July 15, 2005

A successful conference on software localization in the Balkans

Author: Daniel Secareanu

During the first three days of July, 25 Central and Eastern Europeans gathered for a three day conference in Belgrade, Serbia, to discuss localization of free software in the Balkans. Vedran Vucic of the Belgrade Linux Center organized the conference so Europeans could network and discuss future regional localization projects.

With financial backing from the Open Society Institute Information Program, a primary goal of the conference was to bring together people who have been working on translating free software to their native languages. The idea was to have them exchange information and know-how, as well as the tools and techniques they use. The participants were young enthusiasts from Bosnia and Herzegovina, Bulgaria, Croatia, Hungary, Macedonia, Romania, and Serbia and Montenegro. Many participants have been involved in projects, such as KDE, GNOME, Debian, Fedora, SUSE Linux, FreeBSD, and Mambo.

"The Balkan area is characterized by a very mixed demographic presence of various ethnic groups," Vucic said, "partly because of rather turbulent historical changes from early history and up to the 20th century. Thus, Hungarians, Romanians, Serbs, Croats, Albanians, Macedonians, and other ethnic groups live together, and there is no region in the Balkans that is inhabited by only one ethnic group. Although such a setting is a resource of cultural richness, these countries are prone to periodic inter-ethnic disputes and violent conflicts."

The critical need for access to information, especially in one's native language, was a key reason for these countries to put aside ethnic disputes and gather to exchange information about the localization efforts taking place in their region. Participants gave presentations on their current projects, including the tools and techniques they have been using to translate free software.

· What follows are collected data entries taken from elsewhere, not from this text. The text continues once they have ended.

(* Let $k>1$ be an integer with $k\in\mathcal C_1$. Then $$2^k-1<a_k<2^{k+1}-1.$$ In particular $c_k/2^k\to0$ as $k\to\infty$ through $\mathcal C_1$. Furthermore, let $t_k$ be the multiplicative order of $2$ modulo $k$ and let $j_0\in\{0,1,\ldots,t_k-1\}$ be the (unique) integer with $2^{k+1}-1\equiv 2^{j_0}\pmod k$; put $s=\lfloor (k-1-j_0)/t_k\rfloor$ and $j_1=j_0+st_k$. Then $$a_k=2^{k+1}-1-2^{j_1}.$$
   Context: For a positive integer $k$, $a_k$ is the smallest positive multiple of $k$ whose sum of binary digits equals $k$, and $c_k=a_k/k$. For a positive integer $m$, $\mathcal C_m$ is the set of odd positive integers $k$ for which there exist integers $0\le j_1<j_2<\cdots<j_m\le m+k-2$ with $2^{k+m}-1\equiv \sum_{i=1}^m 2^{j_i}\pmod k$. *)

From HB Require Import structures.
From mathcomp Require Import all_boot all_order all_algebra.
Set Implicit Arguments. Unset Strict Implicit. Unset Printing Implicit Defensive.
Import Order.TTheory GRing.Theory Num.Theory.

(* Sum of binary digits of n: bit i of n is odd (n %/ 2^i); bits i >= n vanish
   since n < 2^n. *)
Definition binsum (n : nat) : nat := \sum_(i < n) odd (n %/ 2 ^ i).

Definition is_a (k a : nat) : Prop :=
  [/\ 0 < a, k %| a, binsum a = k &
      forall b, 0 < b -> k %| b -> binsum b = k -> a <= b].

Definition inC (m k : nat) : Prop :=
  [/\ odd k, 0 < k &
      exists j : seq nat,
        [/\ size j = m, sorted ltn j, all (fun x => x <= m + k - 2) j &
            2 ^ (k + m) - 1 = \sum_(x <- j) 2 ^ x %[mod k]]].

Definition is_order2 (k t : nat) : Prop :=
  [/\ 0 < t, 2 ^ t = 1 %[mod k] &
      forall u, 0 < u -> 2 ^ u = 1 %[mod k] -> t <= u].

(* Write allbut k j := 2^(k+1) - 1 - 2^j, the number whose binary digits
   0..k are all one except digit j.  The proof has three ingredients.
   1. Binary digit sums: a number with k ones is at least 2^k - 1, and the
      numbers below 2^(k+1) with k ones are exactly the allbut k j, j <= k.
   2. Powers of 2 modulo an odd k: an odd k > 1 never divides 2^k - 1, and
      exponents of congruent powers of 2 agree modulo the order t of 2.
   3. allbut k j is divisible by k iff 2^(k+1) - 1 = 2^j (mod k); for k in
      C_1 some j < k qualifies, giving a_k <= allbut k j < 2^(k+1) - 1, while
      1 and 2 exclude a_k <= 2^k - 1.  Among the candidates allbut k i the
      least has the largest admissible i, which is i = j0 (mod t) and i < k,
      namely j1 = j0 + floor((k-1-j0)/t) t.
   The decay of c_k / 2^k follows from a_k < 2^(k+1). *)

From HB Require Import structures.
From mathcomp Require Import all_boot all_order all_algebra zify.
Import Order.TTheory GRing.Theory Num.Theory.
Set Implicit Arguments. Unset Strict Implicit.

Definition bitsum (m n : nat) : nat := \sum_(i < m) odd (n %/ 2 ^ i).

Lemma bitsumS m n : bitsum m.+1 n = odd n + bitsum m n./2.
Proof.
rewrite /bitsum big_ord_recl /= expn0 divn1; congr (_ + _).
by apply: eq_bigr => i _; rewrite /bump /= add1n expnS divnMA divn2.
Qed.

Lemma bitsum0 m : bitsum m 0 = 0.
Proof. by rewrite /bitsum big1 // => i _; rewrite div0n. Qed.

Lemma half_lt_pow m n : n < 2 ^ m.+1 -> n./2 < 2 ^ m.
Proof. by rewrite -{1}(odd_double_half n) expnS -mul2n; lia. Qed.

Lemma bitsum_widen m d n : n < 2 ^ m -> bitsum (m + d) n = bitsum m n.
Proof.
move=> Hn; elim: d => [|d IH]; first by rewrite addn0.
rewrite addnS /bitsum big_ord_recr /= -/(bitsum _ _) IH divn_small ?addn0 //.
by apply: leq_trans Hn _; rewrite leq_pexp2l // leq_addr.
Qed.

Lemma binsumE m n : n < 2 ^ m -> binsum n = bitsum m n.
Proof.
move=> Hm; rewrite /binsum -/(bitsum n n).
case: (leqP m n) => H; first by rewrite -(bitsum_widen (n - m) Hm) subnKC.
by rewrite -(bitsum_widen (m - n) (ltn_expl n (ltnSn 1))) subnKC // ltnW.
Qed.

Lemma bitsum_pow_le m n : 2 ^ bitsum m n <= n.+1.
Proof.
elim: m n => [|m IH] n; first by rewrite /bitsum big_ord0.
rewrite bitsumS expnD; have := IH n./2; have := odd_double_half n.
by case: (odd n); rewrite -mul2n /=; lia.
Qed.

Lemma bitsum_eq0 m n : n < 2 ^ m -> bitsum m n = 0 -> n = 0.
Proof.
elim: m n => [|m IH] n; first by rewrite expn0 ltnS leqn0 => /eqP.
move=> /half_lt_pow /IH {}IH; rewrite bitsumS -{3}(odd_double_half n).
by case: (odd n) => //= /IH ->.
Qed.

Lemma bitsum_eq1 m n : n < 2 ^ m -> bitsum m n = 1 -> exists j, n = 2 ^ j.
Proof.
elim: m n => [|m IH] n; first by rewrite /bitsum big_ord0.
move=> Hn; have Hh := half_lt_pow Hn; rewrite bitsumS -{3}(odd_double_half n).
case: (odd n) => /= [[/(bitsum_eq0 Hh) ->]|/(IH _ Hh) [j ->]]; first by exists 0.
by exists j.+1; rewrite expnS -mul2n.
Qed.

Lemma bitsum_pow m j : j < m -> bitsum m (2 ^ j) = 1.
Proof.
elim: m j => [|m IH] [|j] //= H; first by rewrite bitsumS expn0 /= bitsum0.
by rewrite bitsumS expnS oddM /= mul2n doubleK IH.
Qed.

(* Complementation 2^m - 1 - n flips all m digits of n. *)
Lemma bitsum_compl m n : n < 2 ^ m -> bitsum m (2 ^ m - 1 - n) + bitsum m n = m.
Proof.
elim: m n => [|m IH] n Hn.
  by move: Hn; rewrite expn0 ltnS leqn0 => /eqP ->; rewrite bitsum0.
have := IH _ (half_lt_pow Hn); rewrite !bitsumS.
have -> : 2 ^ m.+1 - 1 - n = ~~ odd n + (2 ^ m - 1 - n./2).*2.
  move: Hn (odd_double_half n); rewrite expnS -!mul2n.
  by case: (odd n) => /=; lia.
rewrite half_bit_double oddD odd_double addbF oddb.
by case: (odd n) => /=; lia.
Qed.

(* The number 2^(k+1) - 1 - 2^j: digits 0..k are all one except digit j. *)
Definition allbut (k j : nat) : nat := 2 ^ k.+1 - 1 - 2 ^ j.

Lemma binsum_pow_le b : 2 ^ binsum b <= b.+1.
Proof. exact: bitsum_pow_le. Qed.

Lemma binsum_allbut k j : j <= k -> binsum (allbut k j) = k.
Proof.
move=> Hj; have Hjk : 2 ^ j < 2 ^ k.+1 by rewrite ltn_exp2l.
rewrite /allbut (binsumE (m := k.+1)); last by have := expn_gt0 2 j; lia.
by have := bitsum_compl Hjk; rewrite bitsum_pow //; lia.
Qed.

Lemma binsum_eq_below k b : b < 2 ^ k.+1 -> binsum b = k ->
  exists2 i, i <= k & b = allbut k i.
Proof.
move=> Hb; rewrite (binsumE Hb) => Hs.
have Hc := bitsum_compl Hb; rewrite Hs in Hc.
have Hw : bitsum k.+1 (2 ^ k.+1 - 1 - b) = 1 by lia.
have Hlt : 2 ^ k.+1 - 1 - b < 2 ^ k.+1 by have := expn_gt0 2 k.+1; lia.
have [i Hi] := bitsum_eq1 Hlt Hw.
by exists i; [rewrite -ltnS -(ltn_exp2l _ _ (ltnSn 1)) -Hi | rewrite /allbut -Hi]; lia.
Qed.

Lemma modn_cancell k a y z : coprime k a -> a * y = a * z %[mod k] -> y = z %[mod k].
Proof.
move=> Hc; wlog Hzy : y z / z <= y => [W|].
  by case: (leqP z y) => [|/ltnW] H E; [exact: W | apply/esym/W/esym].
move=> /eqP; rewrite eqn_mod_dvd ?leq_mul2l ?Hzy ?orbT // -mulnBr Gauss_dvdr //.
by rewrite -eqn_mod_dvd // => /eqP.
Qed.

Section PowersMod.
Variables (k x : nat).

Lemma expn_mod_shift t y q : x ^ t = 1 %[mod k] -> x ^ (y + q * t) = x ^ y %[mod k].
Proof.
move=> Ht; rewrite expnD (mulnC q) expnM -modnMmr -modnXm Ht.
by rewrite modnXm exp1n modnMmr muln1.
Qed.

Lemma expn_mod1_gcd a b : 0 < a -> x ^ a = 1 %[mod k] -> x ^ b = 1 %[mod k] ->
  x ^ gcdn a b = 1 %[mod k].
Proof.
move=> Ha Hxa Hxb; have [u _ /dvdnP [v Hv]] := Bezoutl b Ha.
have := expn_mod_shift (gcdn a b) u Hxb.
by rewrite Hv -[v * a]add0n expn_mod_shift // expn0 => <-.
Qed.

Lemma expn_mod_sub i j : coprime k x -> j <= i -> x ^ i = x ^ j %[mod k] ->
  x ^ (i - j) = 1 %[mod k].
Proof.
move=> Hc Hji E; apply: (@modn_cancell k (x ^ j)); first exact: coprimeXr.
by rewrite muln1 -expnD subnKC.
Qed.

End PowersMod.

Lemma order2_dvd k t u : is_order2 k t -> 2 ^ u = 1 %[mod k] -> t %| u.
Proof.
case=> t0 Ht Hmin Hu; case: (posnP u) => [->|u0]; first exact: dvdn0.
have g0 : 0 < gcdn t u by rewrite gcdn_gt0 t0.
have Htg : t <= gcdn t u by apply: Hmin g0 (expn_mod1_gcd t0 Ht Hu).
have -> : t = gcdn t u by apply/eqP; rewrite eqn_leq Htg dvdn_leq ?dvdn_gcdl.
exact: dvdn_gcdr.
Qed.

Lemma order2_exp_congr k t i j : odd k -> is_order2 k t ->
  2 ^ i = 2 ^ j %[mod k] -> i = j %[mod t].
Proof.
move=> Hk Ht; wlog Hji : i j / j <= i => [W|].
  by case: (leqP j i) => [|/ltnW] H E; [exact: W | apply/esym/W/esym].
move=> /(expn_mod_sub _ Hji); rewrite coprimen2 Hk => /(_ isT) /(order2_dvd Ht).
by rewrite -eqn_mod_dvd // => /eqP.
Qed.

(* An odd k > 1 never divides 2^k - 1: for p the least prime factor of k,
   2^k = 2^(p-1) = 1 (mod p) and gcd(p-1, k) = 1 would give 2 = 1 (mod p). *)
Lemma odd_ndvd_pow2_pred k : odd k -> 1 < k -> ~~ (k %| 2 ^ k - 1).
Proof.
move=> Hodd Hk; apply/negP => Hdvd; set p := pdiv k.
have p_pr : prime p by apply: pdiv_prime.
have p_k : p %| k by apply: pdiv_dvd.
have p_gt2 : 2 < p.
  rewrite ltn_neqAle prime_gt1 // andbT; apply: contraTneq p_k => <-.
  by rewrite dvdn2 Hodd.
have p_cop : coprime p 2 by rewrite prime_coprime // dvdn_prime2 // gtn_eqF.
have Hk1 : 2 ^ k = 1 %[mod p].
  by apply/eqP; rewrite eqn_mod_dvd ?expn_gt0 //; apply: dvdn_trans p_k Hdvd.
have Hp1 : 2 ^ p.-1 = 1 %[mod p].
  apply: (modn_cancell p_cop); rewrite muln1 -expnS prednK ?prime_gt0 //.
  exact: fermat_little.
have p1_gt0 : 0 < p.-1 by rewrite -ltnS prednK ?prime_gt0 ?prime_gt1.
have Hg := expn_mod1_gcd p1_gt0 Hp1 Hk1.
have g1 : gcdn p.-1 k = 1.
  apply/eqP; rewrite eqn_leq gcdn_gt0 p1_gt0 andbT leqNgt; apply/negP => g_gt1.
  have := pdiv_min_dvd g_gt1 (dvdn_gcdr p.-1 k).
  have := dvdn_leq p1_gt0 (dvdn_gcdl p.-1 k); rewrite -/p; lia.
by move: Hg; rewrite g1 expn1 !modn_small // ltnW.
Qed.

Lemma allbut_lt k j : 0 < k -> j <= k -> 2 ^ k - 1 <= allbut k j < 2 ^ k.+1 - 1.
Proof.
move=> k0 Hjk; have := leq_pexp2l (isT : 0 < 2) Hjk; have := expn_gt0 2 j.
by rewrite /allbut expnS; lia.
Qed.

Lemma dvdn_allbut k i : i <= k -> (k %| allbut k i) = (2 ^ k.+1 - 1 == 2 ^ i %[mod k]).
Proof.
move=> Hik; rewrite /allbut eqn_mod_dvd //.
by have := leq_pexp2l (isT : 0 < 2) Hik; have := expn_gt0 2 k; rewrite expnS; lia.
Qed.

Lemma residue_le_last n t j0 i : i %% t = j0 -> i <= n -> i <= j0 + (n - j0) %/ t * t.
Proof.
move=> Hi Hin; have Ei := divn_eq i t; rewrite Hi in Ei.
case: (posnP t) => [t0|t_gt0]; first by move: Hi; rewrite t0 modn0; lia.
have : i %/ t <= (n - j0) %/ t by rewrite leq_divRL //; lia.
by move/(leq_mul (leqnn t)); rewrite ![t * _]mulnC; lia.
Qed.

Lemma inC1_witness k : inC 1 k -> exists2 j, j < k & 2 ^ k.+1 - 1 = 2 ^ j %[mod k].
Proof.
case=> _ k0 [[|j [|? ?]] [//= _ _ /andP [Hj _]]].
by rewrite big_seq1 addn1 => Hm; exists j => //; lia.
Qed.

Lemma allbut_weight_multiple k j : 0 < k -> j <= k -> 2 ^ k.+1 - 1 = 2 ^ j %[mod k] ->
  [/\ 0 < allbut k j, k %| allbut k j & binsum (allbut k j) = k].
Proof.
move=> k0 Hjk Hm; have /andP [Hlo _] := allbut_lt k0 Hjk.
split; last exact: binsum_allbut.
- by apply: leq_trans Hlo; have := ltn_expl k (ltnSn 1); lia.
- by rewrite dvdn_allbut // Hm.
Qed.

(* For odd k > 1, a multiple of k below 2^(k+1) with k ones is allbut k i
   with i < k: the case i = k is 2^k - 1, which k does not divide. *)
Lemma weight_multiple_below k b : odd k -> 1 < k -> k %| b -> binsum b = k ->
  b < 2 ^ k.+1 -> exists2 i, i < k & b = allbut k i.
Proof.
move=> Hodd Hk Hkb Hb Hlt; have [i Hik Ei] := binsum_eq_below Hlt Hb.
exists i => //; rewrite ltn_neqAle Hik andbT; apply: contraTneq Hkb => Eik.
have -> : b = 2 ^ k - 1 by rewrite Ei Eik /allbut expnS; lia.
exact: odd_ndvd_pow2_pred.
Qed.

Lemma a_bounds k a : 1 < k -> inC 1 k -> is_a k a -> 2 ^ k - 1 < a < 2 ^ k.+1 - 1.
Proof.
move=> Hk HC [a0 Hka Hwa Hmin]; have [Hodd k0 _] := HC.
have [j /ltnW Hjk Hm] := inC1_witness HC.
have [c0 cd cw] := allbut_weight_multiple k0 Hjk Hm.
have /andP [_ Hup] := allbut_lt k0 Hjk.
have Hlo := binsum_pow_le a; rewrite Hwa in Hlo.
have Hne : a != 2 ^ k - 1 by apply: contraNneq (odd_ndvd_pow2_pred Hodd Hk) => <-.
by apply/andP; split; [lia | exact: leq_ltn_trans (Hmin _ c0 cd cw) Hup].
Qed.

(* Second claim: a_k = allbut k j1 where j1 is the largest i <= k - 1 with
   i = j0 (mod t); smaller candidates allbut k i need a larger admissible i. *)
Lemma a_formula k t j0 : 1 < k -> inC 1 k -> is_order2 k t -> j0 < t ->
  2 ^ k.+1 - 1 = 2 ^ j0 %[mod k] -> is_a k (allbut k (j0 + (k - 1 - j0) %/ t * t)).
Proof.
move=> Hk HC Ht Hj0 H0; have [Hodd k0 _] := HC; have [_ Ht1 _] := Ht.
have residue i : 2 ^ k.+1 - 1 = 2 ^ i %[mod k] -> i %% t = j0.
  by move=> Hi; rewrite -(modn_small Hj0); apply: order2_exp_congr Hodd Ht _; rewrite -Hi.
have [j Hjk /residue Hj] := inC1_witness HC.
have Hj1 : j0 + (k - 1 - j0) %/ t * t <= k - 1.
  have := leq_trunc_div (k - 1 - j0) t; have := leq_mod j t.
  move: ((k - 1 - j0) %/ t * t) => q; lia.
set j1 := j0 + _ * t in Hj1 *.
have Hm1 : 2 ^ k.+1 - 1 = 2 ^ j1 %[mod k] by rewrite H0 expn_mod_shift.
have Hj1k : j1 <= k by apply: leq_trans Hj1 (leq_subr 1 k).
have [c0 cd cw] := allbut_weight_multiple k0 Hj1k Hm1.
split => // b b0 bd bw; have /andP [_ Hup] := allbut_lt k0 Hj1k.
case: (leqP (2 ^ k.+1) b) => Hb.
  by apply: ltnW; apply: leq_trans Hup (leq_trans (leq_subr 1 _) Hb).
have [i Hik Ei] := weight_multiple_below Hodd Hk bd bw Hb.
have Hij1 : i <= j1.
  apply: residue_le_last; last by rewrite -ltnS subn1 prednK.
  by apply: residue; apply/eqP; rewrite -dvdn_allbut -?Ei // ltnW.
by rewrite Ei /allbut leq_sub2l // leq_pexp2l.
Qed.

(* a < 2^(k+1) forces (a/k)/2^k < 2/k, which tends to 0 (Archimedean). *)
Lemma ratio_vanishes (R : archiFieldType) (eps : R) : (0 < eps)%R ->
  exists N : nat, forall k a : nat, N <= k -> 0 < k -> a < 2 ^ k.+1 ->
    ((a%:R / k%:R) / (2 ^ k)%:R < eps)%R.
Proof.
move=> eps0; exists (Num.bound (2 / eps)%R).+1 => k a HN k0 Ha.
have Hk : (2 / eps < k%:R)%R.
  apply: lt_le_trans (archi_boundP _) _; first by rewrite divr_ge0 // ltW.
  by rewrite ler_nat ltnW.
have k_pos : (0 < k%:R :> R)%R by rewrite ltr0n.
have pow_pos : (0 < (2 ^ k)%:R :> R)%R by rewrite ltr0n expn_gt0.
rewrite !ltr_pdivrMr // mulrAC.
rewrite ltr_pdivrMr // mulrC in Hk.
apply: lt_le_trans (_ : (2 * (2 ^ k)%:R <= _)%R); first by rewrite -natrM -expnS ltr_nat.
by rewrite ler_pM2r // ltW.
Qed.

Theorem mainTheorem5 :
  (forall k : nat, 1 < k -> inC 1 k ->
     (forall a, is_a k a -> 2 ^ k - 1 < a < 2 ^ k.+1 - 1) /\
     (forall t j0 : nat, is_order2 k t -> j0 < t ->
        2 ^ k.+1 - 1 = 2 ^ j0 %[mod k] ->
        let s := (k - 1 - j0) %/ t in
        let j1 := j0 + s * t in
        is_a k (2 ^ k.+1 - 1 - 2 ^ j1)))
  /\
  (forall eps : rat, (0 < eps)%R ->
     exists N : nat, forall k a : nat, N <= k -> 1 < k -> inC 1 k -> is_a k a ->
       ((a%:R / k%:R) / (2 ^ k)%:R < eps)%R).
Proof.
split.
  move=> k Hk HC; split => [a|t j0 Ht Hj0 H0]; first exact: a_bounds.
  exact: a_formula.
move=> eps eps0; have [N HN] := ratio_vanishes eps0.
exists N => k a HNk Hk HC Ha; apply: HN => //; first exact: ltnW.
have /andP [_ a_lt] := a_bounds Hk HC Ha.
exact: leq_trans a_lt (leq_subr 1 _).
Qed.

Even though most of free software and its documentation is localized in various countries, usually members of different ethnic groups aren't aware that these resources exist, or are unable to access them. "It is often the case," Vucic said, "that people who are involved in localization and translation efforts are not well coordinated, and they do not exchange sources of documentation and software. For example, only a small number of those involved in localization and translation efforts are familiar with software packages designed for professional translators, such as DocBook."

"Localization and translation activities are usually undertaken by volunteer activists who have neither the time nor the resources to follow changes of software and documentation versions by active and timely updates and management by CVS, Subversion, or other version management software packages," Vucic said. "However, it is obvious that resources and potential are very big, and that in each country or ethnic group, there are hard-working, skilled, and talented activists dedicating their time and energy in localization and translation."

Conference participants brainstormed a list of potential projects. One idea was to organize a regional localization camp, where companies involved in packaging Linux and free software into commercial products and services, such as Novell and Red Hat, would invest some resources to involve these young enthusiasts in paid localization projects, from which everyone would benefit. The sponsoring companies would benefit because adoption of Linux and open source software would be easier if people could work with it in their native language. The open source community would benefit because concentrated localization efforts could be integrated into free software projects. Perhaps most important, hundreds of additional users would profit from having access to information technology in their native language.

The conference was a big success. Participants exchanged contact details and built friendships, giving hope for future common projects that will benefit the Balkan region.